Posted to notifications@accumulo.apache.org by GitBox <gi...@apache.org> on 2022/03/01 16:13:43 UTC

[GitHub] [accumulo] keith-turner commented on a change in pull request #2524: Beginning to address unchecked Futures

keith-turner commented on a change in pull request #2524:
URL: https://github.com/apache/accumulo/pull/2524#discussion_r816889328



##########
File path: core/src/main/java/org/apache/accumulo/core/util/threads/ThreadPools.java
##########
@@ -40,13 +44,92 @@
 import org.slf4j.Logger;
 import org.slf4j.LoggerFactory;
 
+import edu.umd.cs.findbugs.annotations.SuppressFBWarnings;
+
+@SuppressFBWarnings(value = "RV_EXCEPTION_NOT_THROWN",
+    justification = "Throwing Error for it to be caught by AccumuloUncaughtExceptionHandler")
 public class ThreadPools {
 
+  public static class ExecutionError extends Error {
+
+    private static final long serialVersionUID = 1L;
+
+    public ExecutionError(String message, Throwable cause) {
+      super(message, cause);
+    }
+  }
+
   private static final Logger LOG = LoggerFactory.getLogger(ThreadPools.class);
 
   // the number of seconds before we allow a thread to terminate with non-use.
   public static final long DEFAULT_TIMEOUT_MILLISECS = 180000L;
 
+  private static final ThreadPoolExecutor SCHEDULED_FUTURE_CHECKER_POOL =
+      createFixedThreadPool(1, "Scheduled Future Checker", false);
+
+  private static final ConcurrentLinkedQueue<ScheduledFuture<?>> CRITICAL_RUNNING_TASKS =
+      new ConcurrentLinkedQueue<>();
+
+  private static Runnable CRITICAL_TASK_CHECKER = new Runnable() {
+    @Override
+    public void run() {
+      while (true) {
+        Iterator<ScheduledFuture<?>> futures = CRITICAL_RUNNING_TASKS.iterator();
+        while (futures.hasNext()) {
+          ScheduledFuture<?> criticalTask = futures.next();
+          // Calling get() on a ScheduledFuture will block unless that scheduled task has
+          // completed.
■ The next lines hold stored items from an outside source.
(* (i) $u_2u_1s_2^{-1}s_1s_2^{-1}\subset u_1\omega^{-2}+R_5s_2^{-2}s_1^2s_2^{-1}s_1s_2^{-1}+u_1u_2u_1u_2u_1\subset U''$. (ii) $u_2u_1s_2s_1^{-1}s_2\subset u_1\omega^{2}+R_5s_2^{2}s_1^{-2}s_2s_1^{-1}s_2+u_1u_2u_1u_2u_1\subset U''$.
   Context: Let $B_3=\langle s_1,s_2\mid s_1s_2s_1=s_2s_1s_2\rangle$, $R_5=\mathbb{Z}[a,b,c,d,e,e^{-1}]$, and let $H_5$ be the quotient of the group algebra $R_5B_3$ by the relations $s_i^5=as_i^4+bs_i^3+cs_i^2+ds_i+e$ for $i=1,2$; identify $s_i$ with their images. For $i=1,2$ let $u_i$ be the $R_5$-subalgebra of $H_5$ generated by $s_i$. Set $\omega=s_2s_1^2s_2$. For $R_5$-submodules (or elements) $X_1,\dots,X_n$, $X_1\cdots X_n$ denotes the $R_5$-submodule spanned by products $x_1\cdots x_n$, $x_j\in X_j$; sums are sums of submodules; $R_5x$ is the submodule spanned by $x$. Define $U'=u_1u_2u_1+u_1\omega+u_1\omega^{-1}+u_1s_2^{-1}s_1^2s_2^{-1}u_1+u_1s_2s_1^{-2}s_2u_1+u_1s_2^2s_1^2s_2^2u_1+u_1s_2^{-2}s_1^{-2}s_2^{-2}u_1+u_1s_2s_1^{-2}s_2^2u_1+u_1s_2^{-1}s_1^2s_2^{-2}u_1+u_1s_2^{-1}s_1s_2^{-1}u_1+u_1s_2s_1^{-1}s_2u_1+u_1s_2^{-2}s_1^{-2}s_2^2u_1+u_1s_2^2s_1^2s_2^{-2}u_1+u_1s_2^2s_1^{-2}s_2^2u_1+u_1s_2^{-2}s_1^2s_2^{-2}u_1+u_1s_2^{-2}s_1s_2^{-1}u_1+u_1s_2^{-1}s_1s_2^{-2}u_1$; $U''=U'+u_1\omega^2+u_1\omega^{-2}+u_1s_2^{-2}s_1^2s_2^{-1}s_1s_2^{-1}u_1+u_1s_2^2s_1^{-2}s_2s_1^{-1}s_2u_1+u_1s_2s_1^{-2}s_2^2s_1^{-2}s_2^2u_1+u_1s_2^{-1}s_1^2s_2^{-2}s_1^2s_2^{-2}u_1$. *)

From HB Require Import structures.
From mathcomp Require Import all_boot all_order all_algebra.
Set Implicit Arguments. Unset Strict Implicit. Unset Printing Implicit Defensive.
Import GRing.Theory.
Local Open Scope ring_scope.

(* R-submodules of an R-algebra A are represented by predicates A -> Prop. *)
Section Submodules.
Variables (R : comUnitRingType) (A : unitAlgType R).

Definition rspan (S : A -> Prop) : A -> Prop :=
  fun x => exists (n : nat) (r : 'I_n -> R) (v : 'I_n -> A),
    (forall i, S (v i)) /\ x = \sum_(i < n) r i *: v i.

Definition rline (x : A) : A -> Prop := rspan (fun y => y = x).

Definition mprod (X Y : A -> Prop) : A -> Prop :=
  rspan (fun z => exists x y, X x /\ Y y /\ z = x * y).

Definition msum (X Y : A -> Prop) : A -> Prop :=
  fun z => exists x y, X x /\ Y y /\ z = x + y.

Definition msub (X Y : A -> Prop) : Prop := forall z, X z -> Y z.

(* u_i : R-subalgebra generated by s = R-span of the powers s^k, k >= 0 *)
Definition usub (s : A) : A -> Prop := rspan (fun y => exists k : nat, y = s ^+ k).

Variables (s1 s2 : A).
Definition u1 := usub s1.
Definition u2 := usub s2.
Definition omega := s2 * s1 ^+ 2 * s2.

Definition u1xu1 (x : A) := mprod (mprod u1 (rline x)) u1.
Definition u1x (x : A) := mprod u1 (rline x).

Definition U' : A -> Prop :=
  msum (mprod (mprod u1 u2) u1) (
  msum (u1x omega) (
  msum (u1x omega^-1) (
  msum (u1xu1 (s2^-1 * s1^+2 * s2^-1)) (
  msum (u1xu1 (s2 * s1^-2 * s2)) (
  msum (u1xu1 (s2^+2 * s1^+2 * s2^+2)) (
  msum (u1xu1 (s2^-2 * s1^-2 * s2^-2)) (
  msum (u1xu1 (s2 * s1^-2 * s2^+2)) (
  msum (u1xu1 (s2^-1 * s1^+2 * s2^-2)) (
  msum (u1xu1 (s2^-1 * s1 * s2^-1)) (
  msum (u1xu1 (s2 * s1^-1 * s2)) (
  msum (u1xu1 (s2^-2 * s1^-2 * s2^+2)) (
  msum (u1xu1 (s2^+2 * s1^+2 * s2^-2)) (
  msum (u1xu1 (s2^+2 * s1^-2 * s2^+2)) (
  msum (u1xu1 (s2^-2 * s1^+2 * s2^-2)) (
  msum (u1xu1 (s2^-2 * s1 * s2^-1))
       (u1xu1 (s2^-1 * s1 * s2^-2))))))))))))))))).

Definition U'' : A -> Prop :=
  msum U' (
  msum (u1x (omega ^+ 2)) (
  msum (u1x (omega ^- 2)) (
  msum (u1xu1 (s2^-2 * s1^+2 * s2^-1 * s1 * s2^-1)) (
  msum (u1xu1 (s2^+2 * s1^-2 * s2 * s1^-1 * s2)) (
  msum (u1xu1 (s2 * s1^-2 * s2^+2 * s1^-2 * s2^+2))
       (u1xu1 (s2^-1 * s1^+2 * s2^-2 * s1^+2 * s2^-2))))))).

Definition u12121 : A -> Prop := mprod (mprod (mprod (mprod u1 u2) u1) u2) u1.

End Submodules.

Definition H5_rels (R : comUnitRingType) (A : unitAlgType R)
  (a b c d e : R) (s1 s2 : A) : Prop :=
  [/\ e \is a GRing.unit, s1 \is a GRing.unit /\ s2 \is a GRing.unit,
      s1 * s2 * s1 = s2 * s1 * s2,
      s1 ^+ 5 = a *: s1 ^+ 4 + b *: s1 ^+ 3 + c *: s1 ^+ 2 + d *: s1 + e%:A
    & s2 ^+ 5 = a *: s2 ^+ 4 + b *: s2 ^+ 3 + c *: s2 ^+ 2 + d *: s2 + e%:A].

From HB Require Import structures.
From mathcomp Require Import all_boot all_order all_algebra zify.
Import GRing.Theory.
Local Open Scope ring_scope.
Set Implicit Arguments.
Unset Strict Implicit.
Unset Printing Implicit Defensive.

(* Everything is spanned by braid monomials, and since e is a unit the quintic
   relation expresses any power of s1 or s2 through five consecutive powers, in
   both directions.  So u1 u2 u1 u2 u1 in U' and part (i) reduce to finitely many
   braid words with exponents in [-2, 2], which are shown to lie in the target by
   a certificate of such exponent reductions and braid identities; the identities
   are decided by the normal form of B_3 (delta^2 central and
   B_3 / <delta^2> = Z/2 * Z/3).  Part (ii) is the mirror image of (i) under
   s_i |-> s_i^-1, which maps H_5 to H_5 with the reciprocal quintic.  The
   inclusions in U'' hold summand by summand, given u1 u2 u1 u2 u1 in U'. *)

Section Submodules.
Variables (R : comUnitRingType) (A : unitAlgType R).
Implicit Types (S T X Y P : A -> Prop) (u v p q : A).

Definition submod S :=
  [/\ S 0, forall u v, S u -> S v -> S (u + v) & forall (r : R) u, S u -> S (r *: u)].

Lemma submod0 S : submod S -> S 0. Proof. by case. Qed.

Lemma submodD S u v : submod S -> S u -> S v -> S (u + v).
Proof. by case=> _ + _; apply. Qed.

Lemma submodZ S (r : R) u : submod S -> S u -> S (r *: u).
Proof. by case=> _ _; apply. Qed.

Lemma submodB S u v : submod S -> S u -> S v -> S (u - v).
Proof. by move=> HS Su Sv; apply: submodD => //; rewrite -scaleN1r; apply: submodZ. Qed.

Lemma submod_mulLR S p q : submod S -> submod (fun u => S (p * u * q)).
Proof.
case=> S0 SD SZ; split=> [|u v|r u]; first by rewrite mulr0 mul0r.
  by rewrite mulrDr mulrDl; apply: SD.
by rewrite -scalerAr -scalerAl; apply: SZ.
Qed.

Lemma submod_mull S p : submod S -> submod (fun u => S (p * u)).
Proof.
case=> S0 SD SZ; split=> [|u v|r u]; first by rewrite mulr0.
  by rewrite mulrDr; apply: SD.
by rewrite -scalerAr; apply: SZ.
Qed.

Lemma submod_mulr S q : submod S -> submod (fun u => S (u * q)).
Proof.
case=> S0 SD SZ; split=> [|u v|r u]; first by rewrite mul0r.
  by rewrite mulrDl; apply: SD.
by rewrite -scalerAl; apply: SZ.
Qed.

Lemma submod_rspan P : submod (rspan P).
Proof.
split=> [|_ _ [m [r [v [Pv ->]]]] [n [r' [v' [Pv' ->]]]]|k _ [n [r [v [Pv ->]]]]].
- by exists 0%N, (fun _ => 0), (fun _ => 0); rewrite big_ord0; split=> [[]|].
- exists (m + n)%N, (fun i => match split i with inl j => r j | inr j => r' j end),
    (fun i => match split i with inl j => v j | inr j => v' j end).
  split=> [i|]; first by case: (split i).
  by rewrite big_split_ord; congr (_ + _); apply: eq_bigr => i _;
    rewrite ?(unsplitK (inl i : 'I_m + 'I_n)) ?(unsplitK (inr i : 'I_m + 'I_n)).
- exists n, (fun i => k * r i), v; split=> //.
  by rewrite scaler_sumr; apply: eq_bigr => i _; rewrite scalerA.
Qed.

Lemma mem_rspan P u : P u -> rspan P u.
Proof. by exists 1%N, (fun _ => 1), (fun _ => u); rewrite big_ord1 scale1r. Qed.

Lemma mem_rline u : rline u u.
Proof. exact: mem_rspan. Qed.

Lemma rspan_min P S : submod S -> (forall u, P u -> S u) -> msub (rspan P) S.
Proof.
move=> HS HP _ [n [r [v [Pv ->]]]].
elim/big_ind: _ => [|x y|i _]; first exact: submod0.
  exact: submodD.
by apply: submodZ => //; apply: HP.
Qed.

Lemma submod_msum S T : submod S -> submod T -> submod (msum S T).
Proof.
move=> HS HT; split=> [|_ _ [x [y [Sx [Ty ->]]]] [x' [y' [Sx' [Ty' ->]]]]|r _ [x [y [Sx [Ty ->]]]]].
- by exists 0, 0; rewrite addr0; split; [apply: submod0|split; [apply: submod0|]].
- exists (x + x'), (y + y'); rewrite addrACA.
  by split; [apply: submodD|split; [apply: submodD|]].
- exists (r *: x), (r *: y); rewrite scalerDr.
  by split; [apply: submodZ|split; [apply: submodZ|]].
Qed.

Lemma msumL S T u : submod T -> S u -> msum S T u.
Proof. by move=> HT Su; exists u, 0; rewrite addr0; split; [|split; [apply: submod0|]]. Qed.

Lemma msumR S T u : submod S -> T u -> msum S T u.
Proof. by move=> HS Tu; exists 0, u; rewrite add0r; split; [apply: submod0|]. Qed.

Lemma msum_min S T X : submod X -> msub S X -> msub T X -> msub (msum S T) X.
Proof. by move=> HX SX TX _ [x [y [Sx [Ty ->]]]]; apply: submodD; [|apply: SX|apply: TX]. Qed.

Lemma msubxx X : msub X X. Proof. by []. Qed.

Lemma msum_mono S S' T T' : msub S S' -> msub T T' -> msub (msum S T) (msum S' T').
Proof.
by move=> SS' TT' _ [x [y [Sx [Ty ->]]]]; exists x, y; split; [apply: SS'|split; [apply: TT'|]].
Qed.

Lemma mem_mprod X Y u v : X u -> Y v -> mprod X Y (u * v).
Proof. by move=> Xu Yv; apply: mem_rspan; exists u, v. Qed.

Lemma mprod_mono X X' Y Y' : msub X X' -> msub Y Y' -> msub (mprod X Y) (mprod X' Y').
Proof.
move=> XX' YY'; apply: rspan_min; first exact: submod_rspan.
by move=> _ [x [y [Xx [Yy ->]]]]; apply: mem_mprod; [apply: XX'|apply: YY'].
Qed.

Lemma mprod_rspan_min X P S : submod S ->
  (forall p, P p -> msub X (fun u => S (u * p))) -> msub (mprod X (rspan P)) S.
Proof.
move=> HS XP; apply: rspan_min => // _ [x [y [Xx [Py ->]]]].
by move: y Py; apply: rspan_min; [apply: submod_mull|move=> p Pp; apply: XP].
Qed.

Lemma usub_min g S : submod S -> (forall k : nat, S (g ^+ k)) -> msub (usub g) S.
Proof. by move=> HS Sg; apply: rspan_min => // _ [k ->]. Qed.

Lemma mprod_usub_min X g S : submod S ->
  (forall k : nat, msub X (fun u => S (u * g ^+ k))) -> msub (mprod X (usub g)) S.
Proof. by move=> HS XS; apply: mprod_rspan_min => // _ [k ->]. Qed.

Lemma mprod_rline_min X g S : submod S ->
  msub X (fun u => S (u * g)) -> msub (mprod X (rline g)) S.
Proof. by move=> HS XS; apply: mprod_rspan_min => // _ ->. Qed.

End Submodules.

(* A syllable [(true, k)] stands for [s1 ^ k] and [(false, k)] for [s2 ^ k]. *)
Definition syllable := (bool * int)%type.
Definition word := seq syllable.

Definition shift (i : int) (w : word) (j : int) : word := (true, i) :: w ++ [:: (true, j)].

Definition set_exponent (w : word) (pos : nat) (k : int) : word :=
  set_nth (true, 0%Z) w pos ((nth (true, 0%Z) w pos).1, k).

(* B_3 = < delta, rho | delta^2 = rho^3 > with delta = s1 s2 s1, rho = s1 s2 and
   delta^2 central.  A state [(n, l)] stands for delta^(2 n) times the product of
   the tokens of [rev l], [true] being delta and [false] rho; cancelling
   delta delta and rho rho rho while pushing tokens yields a normal form. *)
Definition nf_state := (int * seq bool)%type.

Definition push_token (st : nf_state) (tk : bool) : nf_state :=
  match tk, st.2 with
  | true, true :: l => (st.1 + 1, l)
  | false, false :: false :: l => (st.1 + 1, l)
  | _, l => (st.1, tk :: l)
  end.

(* A letter is a generator (true for s1) with a sign (true for positive). *)
Definition letter := (bool * bool)%type.

Definition letter_tokens (l : letter) : seq bool :=
  match l with
  | (true, true) => [:: false; false; true]
  | (true, false) => [:: true; false]
  | (false, true) => [:: true; false; false]
  | (false, false) => [:: false; true]
  end.

Definition push_letter (st : nf_state) (l : letter) : nf_state :=
  foldl push_token (st.1 - 1, st.2) (letter_tokens l).

Definition syllable_letters (y : syllable) : seq letter :=
  match y.2 with
  | Posz n => nseq n (y.1, true)
  | Negz n => nseq n.+1 (y.1, false)
  end.

Definition braid_nf (w : word) : nf_state :=
  foldl push_letter (0, [::]) (flatten (map syllable_letters w)).

Section BraidWords.
Variables (R : comUnitRingType) (A : unitAlgType R) (s t : A).

Definition eval_syllable (y : syllable) : A := (if y.1 then s else t) ^ y.2.
Definition eval_word (w : word) : A := foldl (fun x y => x * eval_syllable y) 1 w.

Lemma foldl_mul_1 (T : Type) (f : T -> A) (l : seq T) (x : A) :
  foldl (fun x y => x * f y) x l = x * foldl (fun x y => x * f y) 1 l.
Proof.
elim: l x => [|y l IHl] x /=; first by rewrite mulr1.
by rewrite IHl [in RHS]IHl mul1r mulrA.
Qed.

Lemma eval_word1 y : eval_word [:: y] = eval_syllable y.
Proof. by rewrite /eval_word /= mul1r. Qed.

Lemma eval_word_cat w1 w2 : eval_word (w1 ++ w2) = eval_word w1 * eval_word w2.
Proof. by rewrite /eval_word foldl_cat foldl_mul_1. Qed.

Lemma eval_shift i w j : eval_word (shift i w j) = s ^ i * eval_word w * s ^ j.
Proof. by rewrite /shift -cat1s !eval_word_cat !eval_word1 mulrA. Qed.

Lemma eval_word_split w pos : (pos < size w)%N ->
  eval_word w =
  eval_word (take pos w) * eval_syllable (nth (true, 0%Z) w pos) * eval_word (drop pos.+1 w).
Proof.
move=> lt_pos; rewrite -{1}(cat_take_drop pos w) (drop_nth (true, 0%Z) lt_pos).
by rewrite -cat1s !eval_word_cat eval_word1 mulrA.
Qed.

Lemma eval_set_exponent w pos k : (pos < size w)%N ->
  eval_word (set_exponent w pos k) = eval_word (take pos w) *
    eval_syllable ((nth (true, 0%Z) w pos).1, k) * eval_word (drop pos.+1 w).
Proof.
by move=> lt_pos; rewrite /set_exponent set_nthE lt_pos -cat1s !eval_word_cat eval_word1 mulrA.
Qed.

Hypotheses (s_unit : s \is a GRing.unit) (t_unit : t \is a GRing.unit).
Hypothesis braid : s * t * s = t * s * t.

Lemma braidL p : p * s * t * s = p * t * s * t.
Proof. by have := congr1 (fun u => p * u) braid; rewrite !mulrA. Qed.

Definition delta := s * t * s.
Definition rho := s * t.
Definition delta2 := delta * delta.

Definition eval_token (tk : bool) := if tk then delta else rho.

Fixpoint eval_tokens (l : seq bool) : A :=
  if l is tk :: l' then eval_tokens l' * eval_token tk else 1.

Definition eval_state (st : nf_state) := delta2 ^ st.1 * eval_tokens st.2.

Lemma delta2_unit : delta2 \is a GRing.unit.
Proof. by rewrite /delta2 /delta !unitrMl. Qed.

Lemma rho3 : rho * rho * rho = delta2.
Proof. by rewrite /rho /delta2 /delta !mulrA [RHS]braidL. Qed.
We call isDone() here instead. If the scheduled task is done then
+          // either it was a one-shot task, cancelled or an exception was thrown.
+          if (criticalTask.isDone()) {
+            // Now call get() to see if we get an exception.
+            try {
+              criticalTask.get();
+              // If we get here, then a scheduled task exited but did not throw an error
+              // or get canceled. This was likely a one-shot scheduled task (I don't think
+              // we can tell if it's one-shot or not, I think we have to assume that it is
+              // and that a recurring task would not normally be complete).
+              if (!CRITICAL_RUNNING_TASKS.remove(criticalTask)) {
+                LOG.warn("Unable to remove task from list of watched critical tasks");
+              }
+            } catch (ExecutionException ee) {
+              // An exception was thrown in the critical task. Throw the error here, which
+              // will then be caught by the AccumuloUncaughtExceptionHandler which will
+              // log the error and terminate the VM.
+              new ExecutionError("Critical scheduled task failed.", ee);
+            } catch (CancellationException ce) {
+              // do nothing here as it appears that the task was canceled. Remove it from
+              // the list of critical tasks
+              if (!CRITICAL_RUNNING_TASKS.remove(criticalTask)) {
+                LOG.warn("Unable to remove task from list of watched critical tasks");
+              }
+            } catch (InterruptedException ie) {
+              // current thread was interrupted waiting for get to return, which in theory,
+              // shouldn't happen since the task is done.
+              LOG.info("Interrupted while waiting to check on scheduled task.");
+              // Reset the interrupt state on this thread
+              Thread.interrupted();
+            }
+          }
+        }
+        try {
+          TimeUnit.MINUTES.sleep(1);
+        } catch (InterruptedException ie) {
+          // This thread was interrupted by something while sleeping. We don't want to exit
+          // this thread, so reset the interrupt state on this thread and keep going.
+          Thread.interrupted();
+        }
+      }
+    }
+  };
+
+  static {
+    SCHEDULED_FUTURE_CHECKER_POOL.execute(CRITICAL_TASK_CHECKER);
+  }
+
+  public static void watchCriticalScheduledTask(ScheduledFuture<?> future) {
+    CRITICAL_RUNNING_TASKS.add(future);
+  }
+

Review comment:
       If the future is not running and its expected to be running, would be nice to get any background exceptions if they exists.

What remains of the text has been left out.